BEGIN Dataset extract

Lemma splittings_cover {A B : Type} (F : list (A * B)) p a b :
  In p (splittings F) -> In (a, b) F -> In a (fst p) \/ In b (snd p).
Proof.
  revert p; induction F as [|[a' b'] F IH]; simpl; intros p Hp Hab; [contradiction|].
  apply in_app_or in Hp as [Hp|Hp]; apply in_map_iff in Hp as [q [<- Hq]]; simpl;
    (destruct Hab as [E|Hab]; [injection E as -> ->; auto|destruct (IH q Hq Hab); auto]).
Qed.

Lemma splittings_sub {A B : Type} (F : list (A * B)) p : In p (splittings F) ->
  (forall a, In a (fst p) -> exists b, In (a, b) F) /\
  (forall b, In b (snd p) -> exists a, In (a, b) F).
Proof.
  revert p; induction F as [|[a' b'] F IH]; simpl; intros p Hp.
  - destruct Hp as [<-|[]]; simpl; tauto.
  - apply in_app_or in Hp as [Hp|Hp]; apply in_map_iff in Hp as [q [<- Hq]];
      destruct (IH q Hq) as [H1 H2]; simpl;
      split; intros x Hx; try destruct Hx as [<-|Hx]; eauto;
      [destruct (H1 x Hx)|destruct (H2 x Hx)|destruct (H1 x Hx)|destruct (H2 x Hx)]; eauto.
Qed.

Lemma complement_rep_prod (A B T1 T2 : qo) DA DB p1 G1 p2 G2 :
  complement_rep A DA T1 p1 G1 -> complement_rep B DB T2 p2 G2 ->
  complement_rep (prodQO A B) (fun x => DA (fst x) /\ DB (snd x)) (prodQO T1 T2)
    (fun x => (p1 (fst x), p2 (snd x)))
    (fun F => flat_map (fun p => list_prod (G1 (fst p)) (G2 (snd p))) (splittings F)).
Proof.
  intros [C1 A1 T1'] [C2 A2 T2'].
  assert (HD : forall F p, (forall f, In f F -> DA (fst f) /\ DB (snd f)) ->
            In p (splittings F) ->
            (forall a, In a (fst p) -> DA a) /\ (forall b, In b (snd p) -> DB b)).
  { intros F p HF Hp; destruct (splittings_sub F p Hp) as [H1 H2]; split.
    - intros a Ha; destruct (H1 a Ha) as [b Hb]; apply (HF _ Hb).
    - intros b Hb; destruct (H2 b Hb) as [a Ha]; apply (HF _ Ha). }
  split.
  - intros F [a b] HF [Ha Hb] Hn.
    destruct (splittings_choose F (fun x => ~ qle x a) (fun y => ~ qle y b)) as [p [Hp [H1 H2]]].
    { intros x y Hxy; destruct (classic (qle x a)); [right|left; auto].
      intro Hy; apply (Hn _ Hxy); split; auto. }
    destruct (HD F p HF Hp) as [Dp1 Dp2].
    destruct (C1 (fst p) a) as [g1 [Hg1 Hl1]], (C2 (snd p) b) as [g2 [Hg2 Hl2]]; auto.
    exists (g1, g2); split; [|split; auto].
    apply in_flat_map; exists p; split; auto; apply in_prod; auto.
  - intros F [a b] [g1 g2] HF Hf Hg [Hl1 Hl2]; simpl in *.
    apply in_flat_map in Hg as [p [Hp Hg]]; apply in_prod_iff in Hg as [Hg1 Hg2].
    destruct (HD F p HF Hp) as [Dp1 Dp2].
    destruct (splittings_cover F p a b Hp Hf) as [Ha|Hb];
      [apply (A1 (fst p) a g1)|apply (A2 (snd p) b g2)]; auto.
  - intros F F' HF Hi [g1 g2] Hg.
    apply in_flat_map in Hg as [p' [Hp' Hg]]; apply in_prod_iff in Hg as [Hg1 Hg2].
    destruct (splittings_choose F (fun x => In x (fst p')) (fun y => In y (snd p')))
      as [p [Hp [H1 H2]]].
    { intros x y Hxy; apply (splittings_cover F' p' x y Hp'); auto. }
    destruct (HD F' p' HF Hp') as [Dp1 Dp2].
    destruct (T1' (fst p) (fst p')) with (a := g1) as [h1 [Hh1 Hl1]]; auto.
    destruct (T2' (snd p) (snd p')) with (a := g2) as [h2 [Hh2 Hl2]]; auto.
    exists (h1, h2); split; [|split; auto].
    apply in_flat_map; exists p; split; auto; apply in_prod; auto.
Qed.

Definition listwiseQO (A : qo) : qo := QO (list A) (Forall2 qle).

Definition nil_rep {A T : Type} (F : list (list A)) : list (list T) :=
  match F with [] => [[]] | _ => [] end.

Lemma complement_rep_nil (A T : qo) (psi : A -> T) :
  complement_rep (listwiseQO A) (fun l => length l = 0) (listwiseQO T) (map psi) nil_rep.
Proof.
  split.
  - intros [|f F] [|] HF Hy Hn; try discriminate; [exists []; simpl; auto|].
    exfalso; apply (Hn f); [simpl; auto|].
    specialize (HF f (or_introl eq_refl)); destruct f; [constructor|discriminate].
  - intros [|f F] x g _ Hx Hg; contradiction.
  - intros F [|f' F'] _ Hi g' Hg'; [|contradiction].
    destruct F as [|f F]; [|exfalso; apply (Hi f); simpl; auto].
    destruct Hg' as [<-|[]]; exists []; simpl; auto.
Qed.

END Dataset extract

Set down exactly the lines that begin the records and continue through the line bearing "complement_rep A DA"; include both ends.

Lemma splittings_cover {A B : Type} (F : list (A * B)) p a b :
  In p (splittings F) -> In (a, b) F -> In a (fst p) \/ In b (snd p).
Proof.
  revert p; induction F as [|[a' b'] F IH]; simpl; intros p Hp Hab; [contradiction|].
  apply in_app_or in Hp as [Hp|Hp]; apply in_map_iff in Hp as [q [<- Hq]]; simpl;
    (destruct Hab as [E|Hab]; [injection E as -> ->; auto|destruct (IH q Hq Hab); auto]).
Qed.

Lemma splittings_sub {A B : Type} (F : list (A * B)) p : In p (splittings F) ->
  (forall a, In a (fst p) -> exists b, In (a, b) F) /\
  (forall b, In b (snd p) -> exists a, In (a, b) F).
Proof.
  revert p; induction F as [|[a' b'] F IH]; simpl; intros p Hp.
  - destruct Hp as [<-|[]]; simpl; tauto.
  - apply in_app_or in Hp as [Hp|Hp]; apply in_map_iff in Hp as [q [<- Hq]];
      destruct (IH q Hq) as [H1 H2]; simpl;
      split; intros x Hx; try destruct Hx as [<-|Hx]; eauto;
      [destruct (H1 x Hx)|destruct (H2 x Hx)|destruct (H1 x Hx)|destruct (H2 x Hx)]; eauto.
Qed.

Lemma complement_rep_prod (A B T1 T2 : qo) DA DB p1 G1 p2 G2 :
  complement_rep A DA T1 p1 G1 -> complement_rep B DB T2 p2 G2 ->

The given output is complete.